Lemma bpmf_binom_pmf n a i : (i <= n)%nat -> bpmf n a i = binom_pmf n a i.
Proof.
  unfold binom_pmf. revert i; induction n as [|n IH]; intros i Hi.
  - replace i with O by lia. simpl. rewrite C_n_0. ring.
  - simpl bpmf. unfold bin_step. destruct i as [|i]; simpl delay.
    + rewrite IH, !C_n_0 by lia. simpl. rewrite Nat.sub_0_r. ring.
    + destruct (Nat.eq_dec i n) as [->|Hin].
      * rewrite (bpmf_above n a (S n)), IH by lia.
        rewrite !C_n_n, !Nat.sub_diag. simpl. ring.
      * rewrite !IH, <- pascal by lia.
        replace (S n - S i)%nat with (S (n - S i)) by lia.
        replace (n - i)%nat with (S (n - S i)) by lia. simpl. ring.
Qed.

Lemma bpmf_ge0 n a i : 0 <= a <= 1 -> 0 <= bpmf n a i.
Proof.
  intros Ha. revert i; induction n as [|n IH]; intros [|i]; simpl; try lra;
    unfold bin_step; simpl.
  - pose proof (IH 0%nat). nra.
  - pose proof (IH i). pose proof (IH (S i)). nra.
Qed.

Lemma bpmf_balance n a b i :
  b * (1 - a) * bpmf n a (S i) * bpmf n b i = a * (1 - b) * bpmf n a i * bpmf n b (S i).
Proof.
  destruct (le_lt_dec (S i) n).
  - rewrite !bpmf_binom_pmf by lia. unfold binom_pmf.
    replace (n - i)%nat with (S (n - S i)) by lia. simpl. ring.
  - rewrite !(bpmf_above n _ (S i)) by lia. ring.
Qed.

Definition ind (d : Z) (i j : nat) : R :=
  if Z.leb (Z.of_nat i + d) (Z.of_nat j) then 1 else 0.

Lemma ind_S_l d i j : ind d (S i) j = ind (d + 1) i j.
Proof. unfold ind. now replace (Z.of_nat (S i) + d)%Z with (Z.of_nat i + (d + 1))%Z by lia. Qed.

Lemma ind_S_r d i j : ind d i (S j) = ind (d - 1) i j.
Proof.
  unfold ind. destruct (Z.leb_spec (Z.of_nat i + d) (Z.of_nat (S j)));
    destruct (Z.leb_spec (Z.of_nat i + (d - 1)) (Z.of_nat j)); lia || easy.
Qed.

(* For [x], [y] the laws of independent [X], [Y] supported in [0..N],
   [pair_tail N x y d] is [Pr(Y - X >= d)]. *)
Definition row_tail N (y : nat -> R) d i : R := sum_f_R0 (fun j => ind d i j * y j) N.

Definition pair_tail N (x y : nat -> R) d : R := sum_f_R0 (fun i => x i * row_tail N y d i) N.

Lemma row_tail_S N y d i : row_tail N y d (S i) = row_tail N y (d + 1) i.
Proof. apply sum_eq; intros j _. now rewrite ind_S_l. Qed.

## WORK REQUIRED
From the first line above through the line that contains "n)), IH by lia.", quote each line exactly. Output nothing more.

## OUTPUT OF THE TASK
Lemma bpmf_binom_pmf n a i : (i <= n)%nat -> bpmf n a i = binom_pmf n a i.
Proof.
  unfold binom_pmf. revert i; induction n as [|n IH]; intros i Hi.
  - replace i with O by lia. simpl. rewrite C_n_0. ring.
  - simpl bpmf. unfold bin_step. destruct i as [|i]; simpl delay.
    + rewrite IH, !C_n_0 by lia. simpl. rewrite Nat.sub_0_r. ring.
    + destruct (Nat.eq_dec i n) as [->|Hin].
      * rewrite (bpmf_above n a (S n)), IH by lia.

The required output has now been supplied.